◆ Problem statement: Reproduce the tail of the data exactly. It starts at the line containing "calc (cv (norm f" and runs to the last line.

====== Supplied material

Lemma Pw_typed w a b : FWT w a b -> WT (Pw H w) (hV H a) (hV H b).
Proof.
  intro h. destruct w.
  - apply wty_gen, Mxty_Phi; [exact h | discriminate].
  - inversion h as [| ? ? ? hx |]; inversion hx; subst.
    apply wty_gen. unfold Pw; simpl. rewrite <- hsrc, <- htgt. apply Mxty_E.
  - apply wty_gen, Mxty_Phi; [exact h | discriminate].
Qed.

Lemma Fyty_typed (y : Empty_set) a b (s t : FW G) :
  @Fyty G y a b s t -> FWT s a b /\ FWT t a b.
Proof. destruct y. Qed.

Lemma Myty_typed y a b s t : Myty H y a b s t -> WT s a b /\ WT t a b.
Proof.
  intros h; destruct h as [a b al s t hal | | | |].
  - destruct (cell_boundary_typed Fyty_typed hal). split; apply Pw_typed; auto.
  - split; [eapply wty_comp; apply Pw_typed; eauto | apply Pw_typed; eapply wty_comp; eauto].
  - split; [apply Pw_typed; eapply wty_comp; eauto | eapply wty_comp; apply Pw_typed; eauto].
  - split; [constructor | apply Pw_typed; constructor].
  - split; [apply Pw_typed; constructor | constructor].
Qed.

Ltac mh_typing := first
  [ exact Myty_typed | exact Fyty_typed
  | progress unfold fwty, fcty
  | match goal with
    | |- wty _ (Pw _ _) _ _ => eapply Pw_typed
    | |- cty _ _ _ _ (cgen (YC _ _)) _ _ => eapply cty_gen; eapply Myty_C
    | |- cty _ _ _ _ (cgen (YCi _ _)) _ _ => eapply cty_gen; eapply Myty_Ci
    | |- cty _ _ _ _ (cgen (YU _ _)) _ _ => eapply cty_gen; eapply Myty_U
    | |- cty _ _ _ _ (cgen (YUi _ _)) _ _ => eapply cty_gen; eapply Myty_Ui
    | |- cty _ _ _ _ (cgen (YPhi _)) _ _ => eapply cty_gen; eapply Myty_Phi
    end ].
Ltac ty_hook ::= mh_typing.

Lemma prepend_Phi_typed w a b z N : FWT w a b -> WT N z (hV H a) ->
  WT (prepend (map (hE H) (gedges w)) N) z (hV H b).
Proof.
  intro h; revert z N; induction h as [| x a b hx | ]; intros z N hN; simpl.
  - exact hN.
  - inversion hx; subst. eapply wty_comp; [exact hN |].
    apply wty_gen. rewrite <- hsrc, <- htgt. apply Mxty_E.
  - rewrite map_app, prepend_app. eauto.
Qed.

Lemma prepend_typed u x y z N : WT u x y -> WT N z x -> WT (prepend (edges u) N) z y.
Proof.
  intro h; revert z N; induction h as [| ? ? ? hx | ]; intros z N hN; simpl.
  - exact hN.
  - inversion hx; subst; simpl.
    + eapply wty_comp; [exact hN | apply wty_gen, Mxty_E].
    + eapply prepend_Phi_typed; eassumption.
  - rewrite prepend_app. eauto.
Qed.

Lemma normPhi_typed w : forall a b z N, FWT w a b -> WT N z (hV H a) ->
  T z (hV H b) (normPhi w N) (wcomp (Pw H w) N)
    (prepend (map (hE H) (gedges w)) N).
Proof.
  induction w as [a0 | x | g IHg f IHf]; intros a b z N h hN; inversion h; subst.
  - simpl. ty.
  - match goal with hx : Fxty _ _ _ _ |- _ => inversion hx; subst end.
    simpl. apply cty_id. eapply wty_comp; [exact hN |].
    apply wty_gen. rewrite <- hsrc, <- htgt. apply Mxty_E.
  - rewrite normPhi_comp. cbn [gedges]. rewrite map_app, prepend_app.
    cbn [norm]. rewrite !norm_Pw, edges_Pw.
    match goal with hf : wty _ f _ _, hg : wty _ g _ _ |- _ =>
      pose proof (IHf _ _ _ _ hf hN);
      pose proof (IHg _ _ _ _ hg (prepend_Phi_typed hf hN)) end.
    ty.
Qed.

Lemma norm_typed u : forall x y z N, WT u x y -> WT N z x ->
  T z y (norm u N) (wcomp u N) (prepend (edges u) N).
Proof.
  induction u as [a0 | x0 | g IHg f IHf]; intros x y z N h hN; inversion h; subst.
  - simpl. ty.
  - match goal with hx : Mxty _ _ _ _ |- _ => inversion hx; subst end.
    + simpl. ty.
    + match goal with hw : forall x, _ <> wgen x |- _ => rewrite <- (Pw_nonedge hw) end.
      rewrite norm_Pw, edges_Pw. eapply normPhi_typed; eassumption.
  - cbn [norm edges]. rewrite prepend_app.
    match goal with hf : wty _ f _ _, hg : wty _ g _ _ |- _ =>
      pose proof (IHf _ _ _ _ hf hN);
      pose proof (IHg _ _ _ _ hg (prepend_typed hf hN)) end.
    ty.
Qed.

Ltac ty_hook ::= first [mh_typing | eapply norm_typed | eapply prepend_typed].

Ltac mh_relation :=
     (eapply R_resp; eassumption) + eapply R_id + eapply R_v + eapply R_nat
   + eapply R_C_inv1 + eapply R_C_inv2 + eapply R_U_inv1 + eapply R_U_inv2
   + eapply R_assoc + eapply R_lunit + eapply R_runit.
Ltac mh_step := eapply lunitor_assoc + (eapply ceq_rel; [mh_relation | |]).
Ltac leaf_hook ::= first [solve [mh_step; ty] | solve [apply ceq_sym; mh_step; ty]].

Definition coherent x y u v al :=
  edges u = edges v /\
  forall z N, WT N z x ->
    EQ z y (wcomp u N) (prepend (edges u) N) (cv (norm v N) (ch al (cid N))) (norm u N).

Lemma coherent_id x y u : WT u x y -> coherent x y u u (cid u).
Proof.
  intros hu; split; [reflexivity |]; intros z N hN.
  calc (cv (norm u N) (cid (wcomp u N))). dstep.
Qed.

Lemma coherent_ext x y u v al be :
  coherent x y u v al -> EQ x y u v al be -> coherent x y u v be.
Proof.
  intros [He Hn] e; split; [exact He |]; intros z N hN.
  specialize (Hn z N hN). rewrite He in Hn |- *.
  calc (cv (norm v N) (ch al (cid N))). exact Hn.
Qed.

Lemma coherent_vcomp x y u v w al be : T x y al u v -> T x y be v w ->
  coherent x y u v al -> coherent x y v w be -> coherent x y u w (cv be al).
Proof.
  intros ha hb [E1 Ha] [E2 Hb]. split; [congruence |]. intros z N hN.
  specialize (Ha z N hN); specialize (Hb z N hN).
  rewrite E1 in Ha |- *. rewrite E2 in Ha, Hb |- *.
  calc (cv (norm w N) (cv (ch be (cid N)) (ch al (cid N)))).
  calc (cv (cv (norm w N) (ch be (cid N))) (ch al (cid N))).
  calc (cv (norm v N) (ch al (cid N))).
  exact Ha.
Qed.

Lemma coherent_inverse x y u v al al' :
  Inv x y u v al al' -> coherent x y u v al -> coherent x y v u al'.
Proof.
  intros (? & ? & ? & ?) [E Hn]. split; [congruence |]. intros z N hN.
  specialize (Hn z N hN). rewrite E in Hn.
  calc (cv (cv (norm v N) (ch al (cid N))) (ch al' (cid N))).
  calc (cv (norm v N) (cv (ch al (cid N)) (ch al' (cid N)))).
  calc (cv (norm v N) (ch (cv al al') (cid N))).
  calc (cv (norm v N) (ch (cid v) (cid N))).
  calc (cv (norm v N) (cid (wcomp v N))).
  dstep.
Qed.

Lemma coherent_cancel x y u v w al al' ga be :
  Inv x y u w al al' -> T x y ga u v -> T x y be w v ->
  EQ x y u v (cv be al) ga -> coherent x y u w al -> coherent x y u v ga ->
  coherent x y w v be.
Proof.
  intros hi hga hbe e hal hgac.
  pose proof (coherent_inverse hi hal) as hal'.
  destruct hi as (? & ? & ? & ?).
  apply coherent_ext with (al := cv ga al'); [eapply coherent_vcomp; eassumption |].
  calc (cv (cv be al) al'). calc (cv be (cv al al')). calc (cv be (cid w)). dstep.
Qed.

(* For be * al, the associator moves (be * al) |> N to be * (al |> N), which
   splits into g' <| (al |> N) and be |> Nf by interchange. *)
Lemma coherent_hcomp a b c f f' g g' al be : T a b al f f' -> T b c be g g' ->
  coherent a b f f' al -> coherent b c g g' be ->
  coherent a c (wcomp g f) (wcomp g' f') (ch be al).
Proof.
  intros ha hb [Ef Hf] [Eg Hg]. split; [simpl; congruence |].
  intros z N hN. cbn [norm edges]. rewrite prepend_app, <- Ef.
  assert (WT f a b) by ty. assert (WT f' a b) by ty.
  assert (WT g b c) by ty. assert (WT g' b c) by ty.
  specialize (Hf z N hN). specialize (Hg z (prepend (edges f) N) ltac:(ty)).
  assert (T z b (norm f' N) (wcomp f' N) (prepend (edges f) N))
    by (rewrite Ef; ty).
  assert (T z c (norm g' (prepend (edges f) N)) (wcomp g' (prepend (edges f) N))
            (prepend (edges g) (prepend (edges f) N))) by (rewrite Eg; ty).
  set (Nf := prepend (edges f) N) in *.
  calc (cv (norm g' Nf) (cv (cv (ch (cid g') (norm f' N)) (ca g' f' N))
                            (ch (ch be al) (cid N)))).
  calc (cv (norm g' Nf) (cv (ch (cid g') (norm f' N))
                            (cv (ca g' f' N) (ch (ch be al) (cid N))))).
  calc (cv (norm g' Nf) (cv (ch (cid g') (norm f' N))
                            (cv (ch be (ch al (cid N))) (ca g f N)))).
  calc (cv (norm g' Nf) (cv (cv (ch (cid g') (norm f' N)) (ch be (ch al (cid N))))
                            (ca g f N))).
  calc (cv (norm g' Nf) (cv (ch (cv (cid g') be) (cv (norm f' N) (ch al (cid N))))
                            (ca g f N))).
  calc (cv (norm g' Nf) (cv (ch be (cv (norm f' N) (ch al (cid N)))) (ca g f N))).
  calc (cv (norm g' Nf) (cv (ch be (norm f N)) (ca g f N))).
  calc (cv (norm g' Nf) (cv (cv (ch be (cid Nf)) (ch (cid g) (norm f N))) (ca g f N))).
  calc (cv (norm g' Nf) (cv (ch be (cid Nf)) (cv (ch (cid g) (norm f N)) (ca g f N)))).
  calc (cv (cv (norm g' Nf) (ch be (cid Nf))) (cv (ch (cid g) (norm f N)) (ca g f N))).
  dstep.
Qed.

(* The structure cells of a bicategory are coherent: the associator by the
   pentagon, the left unitor by Kelly's lemma, the right unitor by the triangle. *)
Lemma coherent_assoc a b c d h g f : WT f a b -> WT g b c -> WT h c d ->
  coherent a d (wcomp (wcomp h g) f) (wcomp h (wcomp g f)) (ca h g f).
Proof.
  intros hf hg hh. split; [simpl; rewrite app_assoc; reflexivity |].
  intros z N hN. cbn [norm edges]. rewrite !prepend_app.
  assert (WT (prepend (edges f) N) z b) by ty.
  assert (WT (prepend (edges g) (prepend (edges f) N)) z c) by ty.
  set (Nf := prepend (edges f) N) in *. set (Ngf := prepend (edges g) Nf) in *.
  set (nf := norm f N). set (ng := norm g Nf).
  (* distribute h <| _ over the normalization of g . f and reassociate *)
  calc (cv (norm h Ngf)
      (cv (cv (ch (cid h) (cv ng (cv (ch (cid g) nf) (ca g f N)))) (ca h (wcomp g f) N))
          (ch (ca h g f) (cid N)))).
  calc (cv (norm h Ngf)
      (cv (ch (cid h) (cv ng (cv (ch (cid g) nf) (ca g f N))))
          (cv (ca h (wcomp g f) N) (ch (ca h g f) (cid N))))).
  calc (cv (norm h Ngf)
      (cv (cv (ch (cid h) ng) (ch (cid h) (cv (ch (cid g) nf) (ca g f N))))
          (cv (ca h (wcomp g f) N) (ch (ca h g f) (cid N))))).
  calc (cv (norm h Ngf)
      (cv (cv (ch (cid h) ng)
              (cv (ch (cid h) (ch (cid g) nf)) (ch (cid h) (ca g f N))))
          (cv (ca h (wcomp g f) N) (ch (ca h g f) (cid N))))).
  calc (cv (norm h Ngf)
      (cv (ch (cid h) ng)
          (cv (cv (ch (cid h) (ch (cid g) nf)) (ch (cid h) (ca g f N)))
              (cv (ca h (wcomp g f) N) (ch (ca h g f) (cid N)))))).
  calc (cv (norm h Ngf)
      (cv (ch (cid h) ng)
          (cv (ch (cid h) (ch (cid g) nf))
              (cv (ch (cid h) (ca g f N))
                  (cv (ca h (wcomp g f) N) (ch (ca h g f) (cid N))))))).
  (* the pentagon *)
  calc (cv (norm h Ngf)
      (cv (ch (cid h) ng)
          (cv (ch (cid h) (ch (cid g) nf))
              (cv (ca h g (wcomp f N)) (ca (wcomp h g) f N))))).
  calc (cv (norm h Ngf)
      (cv (ch (cid h) ng)
          (cv (cv (ch (cid h) (ch (cid g) nf)) (ca h g (wcomp f N)))
              (ca (wcomp h g) f N)))).
  (* naturality of the associator *)
  calc (cv (norm h Ngf)
      (cv (ch (cid h) ng)
          (cv (cv (ca h g Nf) (ch (ch (cid h) (cid g)) nf)) (ca (wcomp h g) f N)))).
  calc (cv (norm h Ngf)
      (cv (ch (cid h) ng)
          (cv (cv (ca h g Nf) (ch (cid (wcomp h g)) nf)) (ca (wcomp h g) f N)))).
  calc (cv (norm h Ngf)
      (cv (ch (cid h) ng)
          (cv (ca h g Nf) (cv (ch (cid (wcomp h g)) nf) (ca (wcomp h g) f N))))).
  calc (cv (norm h Ngf)
      (cv (cv (ch (cid h) ng) (ca h g Nf))
          (cv (ch (cid (wcomp h g)) nf) (ca (wcomp h g) f N)))).
  dstep.
Qed.

Lemma coherent_lunit a b f : WT f a b -> coherent a b (wcomp (wid b) f) f (cl f).
Proof.
  intros hf. split; [reflexivity |]. intros z N hN. cbn [norm edges].
  assert (WT (prepend (edges f) N) z b) by ty.
  (* Kelly's lemma, then naturality of the left unitor *)
  calc (cv (norm f N) (cv (cl (wcomp f N)) (ca (wid b) f N))).
  calc (cv (cv (norm f N) (cl (wcomp f N))) (ca (wid b) f N)).
  calc (cv (cv (cl (prepend (edges f) N)) (ch (cid (wid b)) (norm f N)))
           (ca (wid b) f N)).
  dstep.
Qed.

Lemma coherent_runit a b f : WT f a b -> coherent a b (wcomp f (wid a)) f (cr f).
Proof.
  intros hf. split; [simpl; rewrite app_nil_r; reflexivity |].
  (* the triangle axiom *)
  intros z N hN. cbn [norm edges prepend]. rewrite app_nil_r. dstep.
Qed.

============

◆ Answer to this problem:
  calc (cv (norm f N) (cv (cl (wcomp f N)) (ca (wid b) f N))).
  calc (cv (cv (norm f N) (cl (wcomp f N))) (ca (wid b) f N)).
  calc (cv (cv (cl (prepend (edges f) N)) (ch (cid (wid b)) (norm f N)))
           (ca (wid b) f N)).
  dstep.
Qed.

Lemma coherent_runit a b f : WT f a b -> coherent a b (wcomp f (wid a)) f (cr f).
Proof.
  intros hf. split; [simpl; rewrite app_nil_r; reflexivity |].
  (* the triangle axiom *)
  intros z N hN. cbn [norm edges prepend]. rewrite app_nil_r. dstep.
Qed.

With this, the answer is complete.